(* Let $q\ge1$, $\theta\in\mathbb R$, $n\in\{1,\dots,N\}$, and define on $I_n=(t_{n-1},t_n)$ the linear function $\varphi_n(t)=\theta-\lambda_n(t-t_{n-1})$ with $\lambda_n=\zeta_q/\tau_n$ and $\zeta_q=\frac{1}{4(2q+1)}$. Then for every $w\in\mathcal W_{h,\tau}^{p,q-1}$ and every $K\in\mathcal T_h$, $$\|(\mathrm{Id}-\Pi_{q-1}^t)(\varphi_nw)\|_{L^2(K\times I_n)}\le\zeta_q\|w\|_{L^2(K\times I_n)},$$ $$\|(\mathrm{Id}-\Pi_{q-1}^t)(\varphi_nw)(\cdot,t_{n-1}^+)\|_{L^2(\Omega)}\le\frac{1}{4\sqrt{2q+1}\sqrt{\tau_n}}\|w\|_{L^2(\Omega\times I_n)}=\frac{\sqrt{\lambda_n}}{2}\|w\|_{L^2(\Omega\times I_n)}.$$
   Context: $\Omega\subset\mathbb R^d$ bounded polytopic; $\mathcal T_h$ a simplicial mesh of $\Omega$; $0=t_0<\dots<t_N=T$ a partition of $(0,T)$ with $I_n=(t_{n-1},t_n)$, $\tau_n=t_n-t_{n-1}$. $\mathcal V_h^p=\{v\in H^1_0(\Omega):v|_K\in\mathbb P^p(K)\ \forall K\}$ and $\mathcal W_{h,\tau}^{p,q-1}=\{w\in L^2(0,T;H^1_0(\Omega)):w|_{\Omega\times I_n}\in\mathbb P^{q-1}(I_n;\mathcal V_h^p)\ \forall n\}$. $\Pi_{q-1}^t$ denotes the $L^2$-orthogonal projection (in time) onto polynomials of degree at most $q-1$ on each interval $I_n$, applied pointwise in space; here it is applied to $\varphi_n w$ restricted to $\Omega\times I_n$. *)

From HB Require Import structures.
From mathcomp Require Import all_boot all_order all_algebra.
From mathcomp Require Import all_classical all_reals all_analysis.
Set Implicit Arguments.
Unset Strict Implicit.
Unset Printing Implicit Defensive.
Import Order.TTheory GRing.Theory Num.Theory.
Import numFieldNormedType.Exports.
Local Open Scope classical_set_scope.
Local Open Scope ring_scope.

Section Defs.
Variable R : realType.

Definition Rd (d : nat) := g_sigma_algebraType (@open 'rV[R]_d).

(* mu is the d-dimensional Lebesgue measure (on Borel sets): it gives every
   closed box its volume.  This characterizes Lebesgue measure on Borel sets. *)
Definition is_lebesgue_Rd (d : nat) (mu : {measure set (Rd d) -> \bar R}) :=
  forall a b : 'I_d -> R, (forall i, a i <= b i) ->
    mu [set x : Rd d | forall i, a i <= (x : 'rV[R]_d) ord0 i <= b i]
    = (\prod_(i < d) (b i - a i))%:E.

Definition conv (d : nat) (s : seq 'rV[R]_d) : set 'rV[R]_d :=
  [set x | exists l : 'I_(size s) -> R, (forall i, 0 <= l i) /\
     \sum_(i < size s) l i = 1 /\ x = \sum_(i < size s) l i *: nth 0 s i].

Definition verts (d : nat) (V : 'I_d.+1 -> 'rV[R]_d) : seq 'rV[R]_d :=
  [seq V i | i <- enum 'I_d.+1].

Definition simplex (d : nat) (V : 'I_d.+1 -> 'rV[R]_d) : set 'rV[R]_d :=
  conv (verts V).

Definition nondegenerate (d : nat) (V : 'I_d.+1 -> 'rV[R]_d) : Prop :=
  \det (\matrix_(i < d, j < d) (V (lift ord0 i) - V ord0) ord0 j) != 0.

Definition V0 (d : nat) : 'I_d.+1 -> 'rV[R]_d := fun _ => 0.

Definition elt (d : nat) (Th : seq ('I_d.+1 -> 'rV[R]_d)) (k : nat) :=
  simplex (nth (@V0 d) Th k).

Definition simplicial_mesh (d : nat) (Omega : set 'rV[R]_d)
    (Th : seq ('I_d.+1 -> 'rV[R]_d)) : Prop :=
  [/\ (forall k, (k < size Th)%N -> nondegenerate (nth (@V0 d) Th k)),
      closure Omega = [set x | exists2 k, (k < size Th)%N & elt Th k x],
      (forall k l, (k < size Th)%N -> (l < size Th)%N -> k <> l ->
         interior (elt Th k) `&` interior (elt Th l) = set0) &
      (forall k l, (k < size Th)%N -> (l < size Th)%N -> k <> l ->
         exists S : seq 'rV[R]_d,
           (forall y, y \in S -> (y \in verts (nth (@V0 d) Th k)) &&
                                 (y \in verts (nth (@V0 d) Th l))) /\
           elt Th k `&` elt Th l = conv S)].

Definition bounded_domain (d : nat) (Omega : set 'rV[R]_d) : Prop :=
  open Omega /\ exists M : R, forall x, Omega x -> `|x| <= M.

Definition poly_le (d p : nat) (P : 'rV[R]_d -> R) : Prop :=
  exists (m : nat) (c : 'I_m -> R) (e : 'I_m -> 'I_d -> nat),
    (forall k, (\sum_(i < d) e k i <= p)%N) /\
    forall x, P x = \sum_(k < m) c k * \prod_(i < d) (x ord0 i) ^+ (e k i).

(* V_h^p : continuous piecewise P^p functions vanishing on the boundary
   (= the H^1_0(Omega) piecewise-P^p functions on the conforming mesh) *)
Definition inVh (d : nat) (Omega : set 'rV[R]_d)
    (Th : seq ('I_d.+1 -> 'rV[R]_d)) (p : nat) (v : 'rV[R]_d -> R) : Prop :=
  [/\ {within closure Omega, continuous v},
      (forall x, (closure Omega `\` Omega) x -> v x = 0) &
      (forall k, (k < size Th)%N ->
         exists P, poly_le p P /\ forall x, elt Th k x -> v x = P x)].

Definition inW (d : nat) (Omega : set 'rV[R]_d)
    (Th : seq ('I_d.+1 -> 'rV[R]_d)) (p q N : nat) (t : nat -> R)
    (w : 'rV[R]_d -> R -> R) : Prop :=
  forall m, (1 <= m <= N)%N ->
    exists v : 'I_q -> 'rV[R]_d -> R,
      (forall j, inVh Omega Th p (v j)) /\
      forall x s, t m.-1 < s < t m ->
        w x s = \sum_(j < q) v j x * s ^+ j.

(* L^2(a,b)-orthogonal projection onto polynomials of degree <= q-1 *)
Definition projP (q : nat) (a b : R) (g : R -> R) : {poly R} :=
  xget 0 [set P : {poly R} | (size P <= q)%N /\
    forall r : {poly R}, (size r <= q)%N ->
      (\int[@lebesgue_measure R]_(s in `]a, b[) ((g s - P.[s]) * r.[s])%:E
         = 0)%E].
(* Let $\mathcal F=\{f_0,f_1,\ldots\}$ be a (countable) family of bounded arithmetic functions with $\mathrm{AE}(\mathcal F)<+\infty$. Then for every $\epsilon>0$ there exists $\delta>0$ such that for every family $\mathcal G=\{g_0,g_1,\ldots\}\subseteq l^\infty(\mathbb N)$ (indexed by the same index set) with $\sup_{i}\|g_i-f_i\|_{l^\infty}<\delta$, one has $\mathrm{AE}(\mathcal G)>\mathrm{AE}(\mathcal F)-\epsilon$.
   Context: $\mathbb N=\{0,1,2,\ldots\}$ and $l^\infty(\mathbb N)$ is the C*-algebra of bounded complex-valued functions on $\mathbb N$ with the sup norm. Let $\sigma_A:l^\infty(\mathbb N)\to l^\infty(\mathbb N)$ be $(\sigma_Af)(n)=f(n+1)$. An anqie is a unital C*-subalgebra $\mathcal A\subseteq l^\infty(\mathbb N)$ with $\sigma_A(\mathcal A)\subseteq\mathcal A$. For $\mathcal F\subseteq l^\infty(\mathbb N)$, $\mathcal A_{\mathcal F}$ denotes the smallest anqie containing $\mathcal F$. For an anqie $\mathcal A$ with maximal ideal space $X$ (weak* topology), the map $A:X\to X$, $(A\rho)(f)=\rho(\sigma_Af)$, is continuous; the anqie entropy $\mathrm{AE}(\mathcal A)\in[0,\infty]$ is the topological entropy $h(A)$, and $\mathrm{AE}(\mathcal F)=\mathrm{AE}(\mathcal A_{\mathcal F})$. *)

From Stdlib Require Import Reals List.
Open Scope R_scope.

Record C := mkC { Re : R ; Im : R }.
Definition C0 : C := mkC 0 0.
Definition C1 : C := mkC 1 0.
Definition Cadd (z w : C) : C := mkC (Re z + Re w) (Im z + Im w).
Definition Csub (z w : C) : C := mkC (Re z - Re w) (Im z - Im w).
Definition Cmul (z w : C) : C :=
  mkC (Re z * Re w - Im z * Im w) (Re z * Im w + Im z * Re w).
Definition Cconj (z : C) : C := mkC (Re z) (- Im z).
Definition Cmod (z : C) : R := sqrt (Re z * Re z + Im z * Im z).

Definition arith := nat -> C.
Definition linf_bounded (f : arith) : Prop := exists M : R, forall n, Cmod (f n) <= M.
Definition shift (f : arith) : arith := fun n => f (S n).
Fixpoint shiftn (j : nat) (f : arith) : arith :=
  match j with O => f | S k => shift (shiftn k f) end.

(** * Anqies: unital (norm-closed) C*-subalgebras of l^infty(N) stable under shift.
    A subset of l^infty(N) is represented by a predicate on arith. *)
Definition is_anqie (A : arith -> Prop) : Prop :=
  (forall f, A f -> linf_bounded f) /\
  A (fun _ => C1) /\
  (forall f g, A f -> A g -> A (fun n => Cadd (f n) (g n))) /\
  (forall (c : C) f, A f -> A (fun n => Cmul c (f n))) /\
  (forall f g, A f -> A g -> A (fun n => Cmul (f n) (g n))) /\
  (forall f, A f -> A (fun n => Cconj (f n))) /\
  (forall f, linf_bounded f ->
     (forall eps, eps > 0 -> exists g, A g /\ forall n, Cmod (Csub (f n) (g n)) <= eps) ->
     A f) /\
  (forall f, A f -> A (shift f)).

Definition gen_anqie (F : nat -> arith) : arith -> Prop :=
  fun f => forall A, is_anqie A -> (forall i, A (F i)) -> A f.

(** A character is represented by a function on all of arith, only its values on A
    matter (all notions below only depend on these values). *)
Definition is_char (A : arith -> Prop) (rho : arith -> C) : Prop :=
  rho (fun _ => C1) = C1 /\
  (forall f g, A f -> A g -> rho (fun n => Cadd (f n) (g n)) = Cadd (rho f) (rho g)) /\
  (forall c f, A f -> rho (fun n => Cmul c (f n)) = Cmul c (rho f)) /\
  (forall f g, A f -> A g -> rho (fun n => Cmul (f n) (g n)) = Cmul (rho f) (rho g)).

Definition wopen (A : arith -> Prop) (U : (arith -> C) -> Prop) : Prop :=
  forall rho, is_char A rho -> U rho ->
    exists (l : list arith) (eps : R), eps > 0 /\ (forall f, In f l -> A f) /\
      forall rho', is_char A rho' ->
        (forall f, In f l -> Cmod (Csub (rho' f) (rho f)) < eps) -> U rho'.

Definition open_cover (A : arith -> Prop) (Us : list ((arith -> C) -> Prop)) : Prop :=
  (forall U, In U Us -> wopen A U) /\
  (forall rho, is_char A rho -> exists U, In U Us /\ U rho).

Definition Amap_iter (j : nat) (rho : arith -> C) : arith -> C :=
  fun f => rho (shiftn j f).

(** The element of the join cover U v A^{-1}U v ... v A^{-(n-1)}U indexed by the word w *)
Definition word_set (Us : list ((arith -> C) -> Prop)) (n : nat) (w : list nat)
  (rho : arith -> C) : Prop :=
  forall j, (j < n)%nat -> nth (nth j w 0%nat) Us (fun _ => False) (Amap_iter j rho).

Definition covers_with (A : arith -> Prop) (Us : list ((arith -> C) -> Prop))
  (n k : nat) : Prop :=
  exists ws : list (list nat), length ws = k /\
    forall rho, is_char A rho -> exists w, In w ws /\ word_set Us n w rho.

......

Everything from the line that contains "(forall c f, A" to the last line of the records, restated word for word, is the required output.

  (forall c f, A f -> rho (fun n => Cmul c (f n)) = Cmul c (rho f)) /\
  (forall f g, A f -> A g -> rho (fun n => Cmul (f n) (g n)) = Cmul (rho f) (rho g)).

Definition wopen (A : arith -> Prop) (U : (arith -> C) -> Prop) : Prop :=
  forall rho, is_char A rho -> U rho ->
    exists (l : list arith) (eps : R), eps > 0 /\ (forall f, In f l -> A f) /\
      forall rho', is_char A rho' ->
        (forall f, In f l -> Cmod (Csub (rho' f) (rho f)) < eps) -> U rho'.

Definition open_cover (A : arith -> Prop) (Us : list ((arith -> C) -> Prop)) : Prop :=
  (forall U, In U Us -> wopen A U) /\
  (forall rho, is_char A rho -> exists U, In U Us /\ U rho).

Definition Amap_iter (j : nat) (rho : arith -> C) : arith -> C :=
  fun f => rho (shiftn j f).

(** The element of the join cover U v A^{-1}U v ... v A^{-(n-1)}U indexed by the word w *)
Definition word_set (Us : list ((arith -> C) -> Prop)) (n : nat) (w : list nat)
  (rho : arith -> C) : Prop :=
  forall j, (j < n)%nat -> nth (nth j w 0%nat) Us (fun _ => False) (Amap_iter j rho).

Definition covers_with (A : arith -> Prop) (Us : list ((arith -> C) -> Prop))
  (n k : nat) : Prop :=
  exists ws : list (list nat), length ws = k /\
    forall rho, is_char A rho -> exists w, In w ws /\ word_set Us n w rho.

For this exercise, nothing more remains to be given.